Bad Shepherds vs. the Good Shepherd
When Jesus the Messiah came into the world, he lamented that the crowds were like “sheep without a shepherd,” (Matthew 9:36) a reference back to Ezekiel 34:2-6, where God chastised the leaders of Israel for failing to be the kind and loving shepherds that they should have been:
2 “Son of man, prophesy against the shepherds of Israel; prophesy and say to them: ‘This is what the Sovereign Lord says: Woe to you shepherds of Israel who only take care of yourselves! Should not shepherds take care of the flock? 3 You eat the curds, clothe yourselves with the wool and slaughter the choice animals, but you do not take care of the flock. 4 You have not strengthened the weak or healed the sick or bound up the injured. You have not brought back the strays or searched for the lost. You have ruled them harshly and brutally. 5 So they were scattered because there was no shepherd, and when they were scattered they became food for all the wild animals. 6 My sheep wandered over all the mountains and on every high hill. They were scattered over the whole earth, and no one searched or looked for them.
In places like Numbers 17:15-17, we learn that God expected the human leaders of Israel to be like shepherds for the people, going out and coming in before them “so the Lord’s people will not be like sheep without a shepherd.” The situation in Ezekiel 34 reveals that Israel’s leaders had utterly failed to live up to this calling.
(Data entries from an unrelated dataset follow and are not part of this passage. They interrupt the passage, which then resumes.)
(* Let $q\in\mathbb{N}$, $q\ge1$, and let $F=(n_F)_{n\ge0}$ be defined by $0_F=0$, $1_F=1$, $2_F=q$, and $(j+2)_F=q\,(j+1)_F+j_F$ for $j\ge0$ (e.g. $q=2$ gives $1,2,5,12,29,70,\dots$ and $q=3$ gives $1,3,10,33,109,\dots$ from $n=1$). Then for all integers $0\le k<n$, the layer $\langle\Phi_{k+1}\to\Phi_n\rangle$ of the cobweb poset of $F$ (with $m=n-k$ levels) admits a tiling by blocks of type $\sigma P_m$.
   Context: Notation: $n_F\equiv F_n$. The cobweb poset of $F$ has, for each $s\ge1$, a level $\Phi_s$ consisting of $s_F$ distinct vertices (levels pairwise disjoint), plus a root level $\Phi_0$ with one vertex; for $x\in\Phi_i$, $y\in\Phi_j$ one has $x<y$ iff $i<j$. For $1\le a\le b$, the layer $\langle\Phi_a\to\Phi_b\rangle$ is the subposet on $\Phi_a\cup\dots\cup\Phi_b$; it has $m=b-a+1$ levels and its maximal chains form the set $\Phi_a\times\dots\times\Phi_b$. For a permutation $\sigma$ of $\{1,\dots,m\}$, a block of type $\sigma P_m$ in this layer is the subposet induced on $V_a\cup\dots\cup V_b$ where $V_{a-1+i}\subseteq\Phi_{a-1+i}$ and $|V_{a-1+i}|=\sigma(i)_F$ for $i=1,\dots,m$; its maximal chains form the set $V_a\times\dots\times V_b$. A tiling of the layer is a finite family of such blocks ($\sigma$ may vary from block to block) whose sets $V_a\times\dots\times V_b$ partition $\Phi_a\times\dots\times\Phi_b$ (pairwise max-disjoint and covering all maximal chains). *)

From Stdlib Require List.
From mathcomp Require Import all_boot all_fingroup.
Set Implicit Arguments. Unset Strict Implicit. Unset Printing Implicit Defensive.

Fixpoint Fq (q n : nat) : nat :=
  match n with
  | 0 => 0
  | 1 => 1
  | (m.+1 as p).+1 => q * Fq q p + Fq q m
  end.

(* Layer <Phi_a -> Phi_(a+m-1)>, levels indexed by i : 'I_m
   (level i is Phi_(a+i)); the vertices of Phi_s are 0, ..., s_F - 1.
   A maximal chain is a choice c i of one vertex in each level. *)
Definition is_max_chain (q a m : nat) (c : 'I_m -> nat) : Prop :=
  forall i : 'I_m, c i < Fq q (a + i).

(* A block: a permutation sigma of {1..m} (encoded as a permutation of
   'I_m, sigma(i+1) = (s i) + 1) together with the subsets V i of the
   levels (as duplicate-free lists of vertices). *)
Definition block (m : nat) : Type := ({perm 'I_m} * ('I_m -> seq nat))%type.

Definition is_block (q a m : nat) (B : block m) : Prop :=
  forall i : 'I_m,
    [/\ uniq (B.2 i),
        all (fun x => x < Fq q (a + i)) (B.2 i)
      & size (B.2 i) = Fq q ((B.1 i).+1)].

Definition chain_in (m : nat) (B : block m) (c : 'I_m -> nat) : bool :=
  [forall i : 'I_m, c i \in B.2 i].

Definition is_tiling (q a m : nat) (T : seq (block m)) : Prop :=
  (forall B, List.In B T -> @is_block q a m B) /\
  (forall c, @is_max_chain q a m c -> count (fun B => chain_in B c) T = 1).
Arguments is_max_chain : clear implicits.
Arguments is_block : clear implicits.
Arguments is_tiling : clear implicits.

From mathcomp Require Import all_boot all_fingroup.
From mathcomp Require Import ring.
Set Implicit Arguments. Unset Strict Implicit. Unset Printing Implicit Defensive.

(* We work with "boxes": a box is the list a = [a_0; ...; a_(m-1)] of level
   sizes (level i has the vertices 0, ..., a_i - 1), its maximal chains are
   the lists c with c_i < a_i, and a block of the box is a list of level
   subsets whose sizes form a rearrangement of a fixed list b of types.
   Tilings of boxes are stable under four operations: the trivial tiling of a
   box by itself, prepending a common level, splitting the first level as
   x + y (hence scaling it by a factor), and cycling the levels.  The
   addition formula F (a + b + 1) = F (a + 1) F (b + 1) + F a F b then lets
   us tile the layer [F (k+1); ...; F (k+m)] by blocks of type
   [F 1; ...; F m] by induction on m and k.  The
   construction works for every q (including q = 0) and every k, m. *)

Lemma Fq_add q a b : Fq q (a + b.+1) = Fq q a.+1 * Fq q b.+1 + Fq q a * Fq q b.
Proof.
elim: b a => [|b IH] a; first by rewrite addn1 muln1 muln0 addn0.
by rewrite -addSnnS IH /=; ring.
Qed.

Lemma all2_rcons (S T : Type) (r : S -> T -> bool) s t x y :
  size s = size t -> all2 r (rcons s x) (rcons t y) = all2 r s t && r x y.
Proof.
elim: s t => [|u s IH] [|v t] //=; first by rewrite andbT.
by case=> e; rewrite IH // andbA.
Qed.

Lemma all2_size (S T : Type) (r : S -> T -> bool) s t :
  all2 r s t -> size s = size t.
Proof. by rewrite all2E => /andP[/eqP]. Qed.

Lemma all2_ord (S T : Type) {r : S -> T -> bool} (x0 : S) (y0 : T) m s t :
  size s = m -> size t = m ->
  all2 r s t = [forall i : 'I_m, r (nth x0 s i) (nth y0 t i)].
Proof.
move=> sz_s sz_t; rewrite all2E sz_s sz_t eqxx /=.
have sz_st : size (zip s t) = m by rewrite size_zip sz_s sz_t minnn.
apply/(all_nthP (x0, y0))/forallP => [H i | H i lt_im].
  by have := H i; rewrite sz_st nth_zip ?sz_s ?sz_t //; apply.
by rewrite nth_zip ?sz_s ?sz_t //; rewrite sz_st in lt_im; apply: (H (Ordinal lt_im)).
Qed.

Definition box_chain (a c : seq nat) : bool := all2 (fun x s => x < s) c a.

Definition in_block (c : seq nat) (B : seq (seq nat)) : bool :=
  all2 (fun x V => x \in V) c B.

Definition block_of (a b : seq nat) (B : seq (seq nat)) : bool :=
  all2 (fun V s => uniq V && all (fun x => x < s) V) B a && perm_eq (map size B) b.

Lemma block_of_cons s a b V B :
  block_of (s :: a) b (V :: B) =
  [&& uniq V, all (fun x => x < s) V,
      all2 (fun V s => uniq V && all (fun x => x < s) V) B a
    & perm_eq (map size (V :: B)) b].
Proof. by rewrite /block_of /= -!andbA. Qed.

Definition tiles (a b : seq nat) (T : seq (seq (seq nat))) : Prop :=
  all (block_of a b) T /\ forall c, box_chain a c -> count (in_block c) T = 1.

Definition tileable (a b : seq nat) : Prop := exists T, tiles a b T.

Lemma tileable_refl a : tileable a a.
Proof.
exists [:: map (iota 0) a]; split.
  rewrite /= andbT /block_of -map_comp (eq_map (size_iota 0)) map_id perm_refl andbT.
  elim: a => //= s a ->; rewrite iota_uniq andbT.
  by apply/allP => x; rewrite mem_iota.
move=> c /= chain_c; rewrite addn0.
suff -> : in_block c (map (iota 0) a) by [].
elim: c a chain_c => [|x c IH] [|s a] //= /andP[lt_xs chain_c].
by rewrite mem_iota lt_xs IH.
Qed.

Lemma tileable_perm a b b' : perm_eq b b' -> tileable a b -> tileable a b'.
Proof.
move=> eq_bb' [T [blocks chains]]; exists T; split => //.
apply/allP => B /(allP blocks) /andP[levels sizes].
by rewrite /block_of levels (perm_trans sizes eq_bb').
Qed.

Lemma tileable_cons s a b : tileable a b -> tileable (s :: a) (s :: b).
Proof.
move=> [T [blocks chains]]; exists (map (cons (iota 0 s)) T); split.
  rewrite all_map; apply/allP => B /(allP blocks) /andP[levels sizes].
  rewrite /block_of /= iota_uniq levels size_iota perm_cons sizes !andbT.
  by apply/allP => x; rewrite mem_iota add0n; case/andP.
case=> [|z c] //= /andP[lt_zs chain_c]; rewrite count_map -(chains _ chain_c).
by apply: eq_count => B; rewrite /= /in_block /= mem_iota lt_zs.
Qed.

Definition shift_first (x : nat) (B : seq (seq nat)) : seq (seq nat) :=
  if B is V :: B' then map (addn x) V :: B' else B.

(* Boxes glued along their first level: tilings of x :: a and y :: a give a
   tiling of (x + y) :: a, the second one translated by x. *)
Lemma tileable_add x y a b :
  tileable (x :: a) b -> tileable (y :: a) b -> tileable ((x + y) :: a) b.
Proof.
move=> [T1 [blocks1 chains1]] [T2 [blocks2 chains2]].
exists (T1 ++ map (shift_first x) T2); split.
  rewrite all_cat all_map; apply/andP; split; apply/allP => -[|V B].
  - by move/(allP blocks1).
  - move/(allP blocks1); rewrite !block_of_cons => /and4P[uV ltV levels ->].
    rewrite uV levels !andbT.
    by apply/allP => w /(allP ltV) /= lt_w; apply: leq_trans lt_w (leq_addr _ _).
  - by move/(allP blocks2).
  - move/(allP blocks2).
    change (block_of (y :: a) b (V :: B) ->
            block_of ((x + y) :: a) b (map (addn x) V :: B)).
    rewrite !block_of_cons => /and4P[uV ltV levels sizes].
    rewrite map_inj_uniq ?uV ?levels; last exact: addnI.
    rewrite [map size _]/= size_map sizes /= andbT all_map.
    by apply/allP => w /(allP ltV) /=; rewrite ltn_add2l.
case=> [|z c] //= /andP[lt_z chain_c]; rewrite count_cat count_map.
case: (ltnP z x) => [lt_zx | le_xz].
  rewrite (chains1 (z :: c)) /=; last by rewrite lt_zx.
  rewrite (@eq_in_count _ _ pred0) ?count_pred0 // => -[|V B] /(allP blocks2) //= _.
  apply/negbTE/negP => /andP[/mapP[w _ z_eq] _].
  by move: lt_zx; rewrite z_eq ltnNge leq_addr.
rewrite (@eq_in_count _ _ pred0 T1) ?count_pred0 ?add0n; last first.
  move=> -[|V B] /(allP blocks1) //= /andP[/andP[/andP[_ ltV] _] _].
  by apply/negbTE/negP => /andP[/(allP ltV) /=]; rewrite ltnNge le_xz.
rewrite -(chains2 ((z - x) :: c)) /=; last by rewrite chain_c andbT ltn_subLR.
apply: eq_count => -[|V B] //=.
by rewrite /in_block /= -{1}(subnKC le_xz) mem_map //; apply: addnI.
Qed.

(* Iterating the gluing: the first level can be scaled by any factor. *)
Lemma tileable_mul n s a b : tileable (s :: a) b -> tileable (n * s :: a) b.
Proof.
move=> tile_s; elim: n => [|n IH]; last by rewrite mulSn; apply: tileable_add.
by exists [::]; split => // -[|z c].
Qed.

Lemma tileable_rot x a b : tileable (x :: a) b -> tileable (rcons a x) b.
Proof.
move=> [T [blocks chains]]; exists (map (rot 1) T); split.
  rewrite all_map; apply/allP => -[|V B] /(allP blocks) //.
  rewrite block_of_cons => /and4P[uV ltV levels sizes].
  change (block_of (rcons a x) b (rot 1 (V :: B))).
  rewrite /block_of rot1_cons all2_rcons ?(all2_size levels) // levels uV ltV /=.
  by rewrite map_rcons perm_rcons.
move=> c0; case/lastP: c0 => [|c z] chain_cz.
  by have := all2_size chain_cz; rewrite size_rcons.
have sz_c : size c = size a.
  by have := all2_size chain_cz; rewrite !size_rcons => -[].
rewrite count_map -[RHS](chains (z :: c)); last first.
  by move: chain_cz; rewrite /box_chain all2_rcons //= andbC.
apply: eq_in_count => -[|V B] /(allP blocks) // /andP[levels _].
change (in_block (rcons c z) (rot 1 (V :: B)) = in_block (z :: c) (V :: B)).
rewrite rot1_cons /in_block all2_rcons /= 1?andbC //.
by rewrite sz_c; case: (all2_size levels).
Qed.

Section Layers.

Variable q : nat.
Local Notation F := (Fq q).

(* The level sizes [F (k+1); ...; F (k+m)] of <Phi_(k+1) -> Phi_(k+m)>. *)
Definition layer (k m : nat) : seq nat := [seq F (k + i.+1) | i <- iota 0 m].

Lemma size_layer k m : size (layer k m) = m.
Proof. by rewrite size_map size_iota. Qed.

Lemma nth_layer k m i : i < m -> nth 0 (layer k m) i = F (k.+1 + i).
Proof. by move=> lt_im; rewrite (nth_map 0) ?size_iota // nth_iota // addSnnS. Qed.

Lemma layer_cons k m : layer k m.+1 = F k.+1 :: layer k.+1 m.
Proof.
have shifted : layer k.+1 m = [seq F (k + i.+1) | i <- iota 1 m].
  by rewrite /layer (iotaDl 1 0) -map_comp; apply: eq_map => i; rewrite addSnnS.
by rewrite shifted -[k.+1]addn1.
Qed.

Lemma layer_rcons k m : layer k m.+1 = rcons (layer k m) (F (k + m.+1)).
Proof. by rewrite /layer -[m.+1]addn1 iotaD map_cat cats1 add0n addn1. Qed.

(* Every layer is tiled by blocks whose types are the levels of the
   initial layer [F 1; ...; F m].  The inductive step splits the top level
   as F (k+m+2) = F (k+2) F (m+1) + F (k+1) F m. *)
Lemma tileable_layer m k : tileable (layer k m) (layer 0 m).
Proof.
elim: m k => [|m IHm] k; first exact: tileable_refl.
elim: k => [|k IHk]; first exact: tileable_refl.
rewrite layer_rcons; apply: tileable_rot.
rewrite Fq_add; apply: tileable_add.
  apply: tileable_mul; apply: (tileable_perm _ (tileable_cons _ (IHm k.+1))).
  by rewrite layer_rcons add0n perm_sym perm_rcons.
by rewrite mulnC; apply: tileable_mul; rewrite -layer_cons.
Qed.

End Layers.

Section OrdinalTilings.

Variables (q k m : nat).
Local Notation F := (Fq q).

Definition level_sets (B : seq (seq nat)) : 'I_m -> seq nat := fun i => nth [::] B i.

Definition block_type (B : seq (seq nat)) : {perm 'I_m} :=
  odflt 1%g [pick p : {perm 'I_m} | [forall i, size (level_sets B i) == F (p i).+1]].

Definition to_block (B : seq (seq nat)) : block m := (block_type B, level_sets B).

Lemma layer0_perm (s : seq nat) : perm_eq s (layer q 0 m) ->
  exists p : {perm 'I_m}, forall i : 'I_m, nth 0 s i = F (p i).+1.
Proof.
pose t := [tuple F (val i).+1 | i < m].
have t_layer : val t = layer q 0 m.
  by rewrite [val t]/= /layer -val_enum_ord -map_comp.
rewrite -t_layer => /tuple_permP[p ->]; exists p => i.
by rewrite -tnth_nth tnth_mktuple tnth_mktuple.
Qed.

Lemma to_block_ok B :
  block_of (layer q k m) (layer q 0 m) B -> is_block q k.+1 m (to_block B).
Proof.
case/andP=> levels sizes.
have sz_B : size B = m by rewrite (all2_size levels) size_layer.
have [p size_p] := layer0_perm sizes.
have type_ok : [forall i, size (level_sets B i) == F (block_type B i).+1].
  have p_ok : [forall i, size (level_sets B i) == F (p i).+1].
    by apply/forallP => i; apply/eqP; rewrite -size_p (nth_map [::]) ?sz_B.
  by rewrite /block_type; case: pickP => [p' // | /(_ p)]; rewrite p_ok.
move=> i; rewrite (all2_ord [::] 0 sz_B (size_layer _ _ _)) in levels.
move: (forallP levels i) (forallP type_ok i) => /andP[uV ltV] /eqP size_i.
by split => //; rewrite -(nth_layer q k (ltn_ord i)).
Qed.

Definition chain_seq (c : 'I_m -> nat) : seq nat := [seq c i | i <- enum 'I_m].

Lemma nth_chain_seq c (i : 'I_m) : nth 0 (chain_seq c) i = c i.
Proof. by rewrite (nth_map i) ?size_enum_ord // nth_ord_enum. Qed.

Lemma size_chain_seq c : size (chain_seq c) = m.
Proof. by rewrite size_map size_enum_ord. Qed.

Lemma box_chain_layer c :
  is_max_chain q k.+1 m c -> box_chain (layer q k m) (chain_seq c).
Proof.
move=> max_c; rewrite /box_chain (all2_ord 0 0 (size_chain_seq c) (size_layer _ _ _)).
by apply/forallP => i; rewrite nth_chain_seq nth_layer.
Qed.

Lemma in_to_block c B : block_of (layer q k m) (layer q 0 m) B ->
  chain_in (to_block B) c = in_block (chain_seq c) B.
Proof.
case/andP=> levels _; have sz_B : size B = m by rewrite (all2_size levels) size_layer.
rewrite /in_block (all2_ord 0 [::] (size_chain_seq c) sz_B).
by apply: eq_forallb => i; rewrite nth_chain_seq.
Qed.

Lemma In_mem (T : eqType) (x : T) s : List.In x s -> x \in s.
Proof. by elim: s => //= y s IH [->|/IH]; rewrite inE ?eqxx // orbC => ->. Qed.

Lemma to_tiling T :
  tiles (layer q k m) (layer q 0 m) T -> is_tiling q k.+1 m (map to_block T).
Proof.
move=> [blocks chains]; split.
  move=> B /List.in_map_iff[B0 [<- /In_mem B0_T]].
  exact/to_block_ok/(allP blocks).
move=> c max_c; rewrite count_map -(chains _ (box_chain_layer max_c)).
by apply: eq_in_count => B /(allP blocks) B_ok; rewrite /preim /= in_to_block.
Qed.

End OrdinalTilings.

Theorem mainTheorem8 (q k n : nat) :
  1 <= q -> k < n ->
  exists T : seq (block (n - k)), is_tiling q k.+1 (n - k) T.
Proof.
move=> _ _; have [T tile_T] := tileable_layer q (n - k) k.
by exists (map (to_block q (n - k)) T); apply: to_tiling.
Qed.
Because the leaders of Israel failed to shepherd the flock, it was necessary for God himself to come into our world in the person of Jesus to be that shepherd himself (see Ezekiel 34:11, “I myself will search for my sheep and look after them”).
It’s in that vein that Jesus declares “I am the Good Shepherd” in John 10:11. Jesus would be the kind, protective, compassionate shepherd that Israel’s kings and religious should have been, but failed to be.
Closing Thought: A Shepherd To Guide, Protect, and Provide
The Lord is Our Shepherd (Psalm 23), and Jesus is our Good Shepherd (John 10). That means we have a God who guides us, protects us, and provides for us.
- Where do I need to go? —God guides us.
- Who will protect me from harm? — God protects us.
- Who will meet my basic needs? — God provides for us.